Viral titration and infectivity.

A 50% tissue culture infective dose (TCID₅₀) assay was performed to assess viral titration and infectivity. On day 0, MARC-145 cells were seeded in a 96-well plate at a density of 1 × 10⁴ cells per well. On day 1, the cells were inoculated with serially 10-fold diluted viruses at 37°C for 1 h. The excess virus inoculum was removed by washing the cells with PBS. Maintenance medium (2% FBS–DMEM; 200 μl) was added to each well, and the cells were cultured for a further 3 to 5 days. Cells showing the expected cytopathic effect were counted daily, and the TCID₅₀ value was calculated with the Reed-Muench method (75). Each assay was performed in triplicate.

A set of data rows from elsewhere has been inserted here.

(* rho3 = psi3 psi3^* is pure.  For a pure state every post-measurement
   average sum_a p_a S(rho_{Y|a}) is nonnegative, and measuring X in the
   computational basis leaves Y in pure states, so the infimum is 0 and
   D(Y|X) = S(rho_X) - S(rho) = S(rho_X).  The amplitudes of psi3 only depend on
   whether all three qubits are 1, so rho3 is invariant under every permutation of
   the qubits and the six discords reduce to D(BC|A) = S(rho_A) and
   D(C|AB) = S(rho_AB).  Both reduced states have trace 1, at most 4 eigenvalues,
   and are annihilated by x (x^2 - x + 27/256), whose nonzero roots are
   (8 +- sqrt 37)/16; the trace condition forces each of these to occur exactly
   once, which gives the stated entropy. *)

From HB Require Import structures.
From mathcomp Require Import all_boot all_order all_algebra.
From mathcomp Require Import complex mxtens.
From mathcomp Require Import classical_sets reals exp.
From mathcomp Require Import ring lra zify.

Set Implicit Arguments.
Unset Strict Implicit.
Unset Printing Implicit Defensive.

Import Order.TTheory GRing.Theory Num.Theory.
Local Open Scope ring_scope.
Local Open Scope complex_scope.

Lemma sum_count_mem (V : nmodType) (T : eqType) (F : T -> V) (s r : seq T) :
  uniq r -> {subset s <= r} -> \sum_(z <- s) F z = \sum_(x <- r) F x *+ count_mem x s.
Proof.
move=> r_uniq; elim: s => [|x s IHs] sr; first by rewrite big_nil big1.
rewrite big_cons IHs => [|z zs]; last by apply: sr; rewrite inE zs orbT.
under [RHS]eq_bigr => y _ do rewrite /= mulrnDr.
rewrite big_split /=; congr (_ + _).
under eq_bigr => y _ do rewrite eq_sym mulrb.
by rewrite -big_mkcond -big_filter filter_pred1_uniq ?big_seq1 ?sr ?mem_head.
Qed.

Lemma inf_eq_min (R : realType) (S : set R) (x : R) : S x -> lbound S x -> inf S = x.
Proof.
move=> Sx x_lb; apply/eqP; rewrite eq_le lb_le_inf ?andbT //; last by exists x.
by apply: ge_inf => //; exists x.
Qed.

Section Spectrum.
Variable R : realType.
Local Notation C := R[i].

Lemma char_poly_eigenvalues n (A : 'M[C]_n) :
  char_poly A = \prod_(z <- eigenvalues A) ('X - z%:P).
Proof.
rewrite /eigenvalues; case: (closed_field_poly_normal (char_poly A)) => r /= ->.
by rewrite (monicP (char_poly_monic A)) scale1r.
Qed.

Lemma size_eigenvalues n (A : 'M[C]_n) : size (eigenvalues A) = n.
Proof.
by apply: succn_inj; rewrite -(size_char_poly A) char_poly_eigenvalues size_prod_XsubC.
Qed.

Lemma mem_eigenvalues n (A : 'M[C]_n) z : (z \in eigenvalues A) = eigenvalue A z.
Proof. by rewrite eigenvalue_root_char char_poly_eigenvalues root_prod_XsubC. Qed.

Lemma sum_eigenvalues n (A : 'M[C]_n) : \sum_(z <- eigenvalues A) z = \tr A.
Proof.
case: n A => [|n] A.
  by rewrite (size0nil (size_eigenvalues A)) big_nil /mxtrace big_ord0.
have := char_poly_trace A (ltn0Sn n).
rewrite -[in n.+1.-1](size_eigenvalues A) char_poly_eigenvalues.
by rewrite coefPn_prod_XsubC ?size_eigenvalues // => /oppr_inj.
Qed.

Lemma eigenvalues_sub_roots n (A : 'M[C]_n.+1) (r : seq C) :
  horner_mx A (\prod_(x <- r) ('X - x%:P)) = 0 -> {subset eigenvalues A <= r}.
Proof.
move=> /mxminpoly_min min_dvd z.
rewrite mem_eigenvalues eigenvalue_root_min -root_prod_XsubC !root_factor_theorem.
by move=> /dvdp_trans; apply.
Qed.

End Spectrum.

Section PositiveSemidefinite.
Variable R : realType.
Local Notation C := R[i].

Lemma daggerK m n (A : 'M[C]_(m, n)) : dagger (dagger A) = A.
Proof. by apply/matrixP => i j; rewrite !mxE conjCK. Qed.

Lemma dagger_mul m n r (A : 'M[C]_(m, n)) (B : 'M[C]_(n, r)) :
  dagger (A *m B) = dagger B *m dagger A.
Proof. by rewrite /dagger map_mxM trmx_mul. Qed.

Lemma complex_ge0_real (z : C) : 0 <= z -> (complex.Re z)%:C = z /\ 0 <= complex.Re z.
Proof. by move=> z_ge0; have Rez := RRe_real (ger0_real z_ge0); rewrite -ler0c Rez. Qed.

Lemma mulmx_dagger_gt0 n (v : 'rV[C]_n) : v != 0 -> 0 < (v *m dagger v) 0 0.
Proof.
move=> v_neq0; have v_ge0 j : true -> 0 <= v 0 j * dagger v j 0.
  by rewrite !mxE mul_conjC_ge0.
rewrite mxE lt_def sumr_ge0 // andbT; apply: contra v_neq0 => /eqP v_eq0.
apply/eqP/matrixP => i j; rewrite (ord1 i) mxE.
by have := psumr_eq0P v_ge0 v_eq0; move=> /(_ j isT)/eqP; rewrite !mxE mul_conjC_eq0 => /eqP.
Qed.

Lemma psd_eigenvalue_ge0 n (A : 'M[C]_n) z : psd A -> z \in eigenvalues A -> 0 <= z.
Proof.
rewrite mem_eigenvalues => A_psd /eigenvalueP [v vA v_neq0].
have := A_psd (dagger v); rewrite daggerK vA -scalemxAl mxE.
by rewrite pmulr_lge0 // mulmx_dagger_gt0.
Qed.

Lemma psd_mxtrace_ge0 n (A : 'M[C]_n) : psd A -> 0 <= \tr A.
Proof.
move=> A_psd; rewrite -sum_eigenvalues big_seq; apply: sumr_ge0 => z.
exact: psd_eigenvalue_ge0.
Qed.

Lemma psd_dagger_mul m n (B : 'M[C]_(m, n)) (M : 'M[C]_m) :
  psd M -> psd (dagger B *m M *m B).
Proof. by move=> M_psd v; rewrite !mulmxA -dagger_mul -!mulmxA mulmxA. Qed.

Lemma psd_trmx n (M : 'M[C]_n) : psd M -> psd M^T.
Proof.
move=> M_psd v; pose w := map_mx Num.conj v.
have -> : dagger v *m M^T *m v = (dagger w *m M *m w)^T.
  rewrite !trmx_mul mulmxA {2}/dagger trmxK; congr (_ *m _).
  by apply/matrixP => i j; rewrite !mxE conjCK.
by rewrite mxE; apply: M_psd.
Qed.

Lemma psd_scale n (M : 'M[C]_n) (c : R) : 0 <= c -> psd M -> psd (c%:C *: M).
Proof.
by move=> c_ge0 M_psd v; rewrite -scalemxAr -scalemxAl mxE mulr_ge0 ?ler0c.
Qed.

Lemma psd_rank1 n (w : 'cV[C]_n) : psd (w *m dagger w).
Proof.
move=> v; rewrite mulmxA -mulmxA.
have -> : dagger w *m v = dagger (dagger v *m w) by rewrite dagger_mul daggerK.
set x := dagger v *m w.
by rewrite mxE big_ord1 [dagger x _ _]mxE [map_mx _ _ _ _]mxE mul_conjC_ge0.
Qed.

Lemma psd_delta_mx n (a : 'I_n) : psd (delta_mx a a : 'M[C]_n).
Proof.
rewrite -(mul_delta_mx (0 : 'I_1)).
have -> : delta_mx 0 a = dagger (delta_mx a 0 : 'cV[C]_n).
  by apply/matrixP => i j; rewrite !mxE andbC conjC_nat.
exact: psd_rank1.
Qed.

End PositiveSemidefinite.

Section Entropy.
Variable R : realType.
Local Notation C := R[i].

Lemma xlog2x0 : xlog2x (0 : R) = 0.
Proof. by rewrite /xlog2x eqxx. Qed.

Lemma xlog2x1 : xlog2x (1 : R) = 0.
Proof. by rewrite /xlog2x oner_eq0 /log2 ln1 mul0r mulr0. Qed.

Lemma xlog2x_le0 (x : R) : 0 <= x <= 1 -> xlog2x x <= 0.
Proof.
case/andP=> x_ge0 x_le1; rewrite /xlog2x; case: eqP => // _.
by rewrite mulr_ge0_le0 // mulr_le0_ge0 ?ln_le0 // invr_ge0 ltW // ln_gt0 // ltr1n.
Qed.

Lemma vn_entropy_ge0 n (A : 'M[C]_n) : psd A -> \tr A = 1 -> 0 <= vn_entropy A.
Proof.
move=> A_psd trA; rewrite oppr_ge0 big_seq; apply: sumr_le0 => z zA.
have [Rez Rez_ge0] := complex_ge0_real (psd_eigenvalue_ge0 A_psd zA).
have z_le1 : z <= 1.
  rewrite -trA -sum_eigenvalues (big_rem z) //= lerDl big_seq sumr_ge0 // => y.
  by move=> /mem_rem; apply: psd_eigenvalue_ge0.
by apply: xlog2x_le0; rewrite Rez_ge0 -(@lecR R) Rez.
Qed.

Section EigenvalueCount.
Variables (n : nat) (A : 'M[C]_n) (r : seq C).
Hypotheses (r_uniq : uniq (0 :: r)) (A_r : {subset eigenvalues A <= 0 :: r}).

Lemma mxtrace_count : \tr A = \sum_(x <- r) x *+ count_mem x (eigenvalues A).
Proof. by rewrite -sum_eigenvalues (sum_count_mem id r_uniq A_r) big_cons mul0rn add0r. Qed.

Lemma vn_entropy_count :
  vn_entropy A = - \sum_(x <- r) xlog2x (complex.Re x) *+ count_mem x (eigenvalues A).
Proof.
by rewrite /vn_entropy (sum_count_mem _ r_uniq A_r) big_cons /= xlog2x0 mul0rn add0r.
Qed.

End EigenvalueCount.

Lemma horner_mx_XsubC2 n (A : 'M[C]_n.+1) a b :
  horner_mx A (\prod_(x <- [:: a; b]) ('X - x%:P)) = A *m A - (a + b) *: A + (a * b)%:M.
Proof.
rewrite !big_cons big_nil mulr1 rmorphM !rmorphB /= horner_mx_X !horner_mx_C mulmxE.
rewrite mulrBl !mulrBr -!mulmxE -scalar_mxC !mul_scalar_mx !mul_mx_scalar.
rewrite scale_scalar_mx scalerDl opprB opprD !addrA addrAC.
by congr (_ + _); apply: addrAC.
Qed.

Lemma vn_entropy_rank1 n (u : 'cV[C]_n) (w : 'rV[C]_n) :
  vn_entropy (u *m w) = - xlog2x (complex.Re (\tr (u *m w))).
Proof.
case: n u w => [|n] u w.
  rewrite /vn_entropy (size0nil (size_eigenvalues _)) big_nil.
  by rewrite /mxtrace big_ord0 xlog2x0 oppr0.
set A := u *m w; set c := \tr A.
have AA : A *m A = c *: A.
  rewrite /A mulmxA -(mulmxA u) [w *m u]mx11_scalar mul_mx_scalar -scalemxAl.
  by rewrite /c /A mxtrace_mulC /mxtrace big_ord1.
have A_0c : {subset eigenvalues A <= [:: 0; c]}.
  apply: eigenvalues_sub_roots; rewrite horner_mx_XsubC2 add0r mul0r AA subrr add0r.
  by rewrite -[0%:M]/(scalar_mx 0) raddf0.
have [c0|c_neq0] := eqVneq c 0.
  rewrite c0 (@vn_entropy_count _ _ [::]) ?big_nil ?xlog2x0 // => z /A_0c.
  by rewrite c0 !inE orbb.
have uniq_0c : uniq [:: 0; c] by rewrite /= inE eq_sym c_neq0.
have k1 : count_mem c (eigenvalues A) = 1%N.
  have := mxtrace_count uniq_0c A_0c; rewrite big_seq1 => trA.
  by apply: (mulrIn c_neq0); rewrite -trA mulr1n.
by rewrite (vn_entropy_count uniq_0c A_0c) big_seq1 k1.
Qed.

(* The roots of x^2 - x + 27/256. *)
Local Notation lp := ((8 + Num.sqrt 37) / 16 : R).
Local Notation lm := ((8 - Num.sqrt 37) / 16 : R).

Lemma sqrt37_bounds : 6 < Num.sqrt (37 : R) < 7.
Proof.
have sq : Num.sqrt (37 : R) ^+ 2 = 37 by rewrite sqr_sqrtr // ler0n.
have sqrt37_ge0 := sqrtr_ge0 (37 : R).
by apply/andP; split; nra.
Qed.

(* ka lp + kb lm = (ka + kb) / 2 + (ka - kb) sqrt 37 / 16, and no ratio
   8 (2 - ka - kb) / (ka - kb) with ka + kb <= 4 lies strictly between 6 and 7. *)
Lemma cubic_multiplicities (ka kb : nat) :
  (ka + kb <= 4)%N -> lp *+ ka + lm *+ kb = 1 -> ka = 1%N /\ kb = 1%N.
Proof.
have /andP [sqrt37_gt6 sqrt37_lt7] := sqrt37_bounds.
case: ka => [|[|[|[|[|ka]]]]]; case: kb => [|[|[|[|[|kb]]]]] //= kab; try lia.
all: move=> eq1; exfalso; lra.
Qed.

Lemma lp_add_lm : lp + lm = 1.
Proof. lra. Qed.

Lemma lp_mul_lm : lp * lm = 27 / 256.
Proof.
have sq : Num.sqrt (37 : R) ^+ 2 = 37 by rewrite sqr_sqrtr // ler0n.
nra.
Qed.

Lemma lp_lm_distinct : [&& lp != 0, lm != 0 & lp != lm].
Proof.
have /andP [sqrt37_gt6 sqrt37_lt7] := sqrt37_bounds.
by apply/and3P; split; apply/eqP => ?; lra.
Qed.

Lemma uniq_0_lp_lm : uniq [:: 0; lp%:C; lm%:C].
Proof.
rewrite /= !inE !(inj_eq (@complexI R)) !negb_or !(eq_sym 0) !andbT.
by rewrite -andbA lp_lm_distinct.
Qed.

(i) Intracellular infectivity. Cells were washed three times with PBS, scraped, and pelleted by centrifugation at 1,000 × g for 5 min. The cell pellets were subjected to three cycles of freeze-thawing with liquid nitrogen and a thermal block set to 37°C. The cell lysates were centrifuged at 10,000 × g for 10 min at 4°C to remove the cell debris. The titers of infectious virus were expressed as TCID₅₀ per milliliter after a limiting-dilution assay.

(ii) Extracellular infectivity. To determine the extracellular infectivity of the virus, the supernatants were harvested, filtered through a 0.45-μm-pore-size filter, and stored at 4°C. Their infectivity was determined in parallel with a limiting-dilution assay, as described above.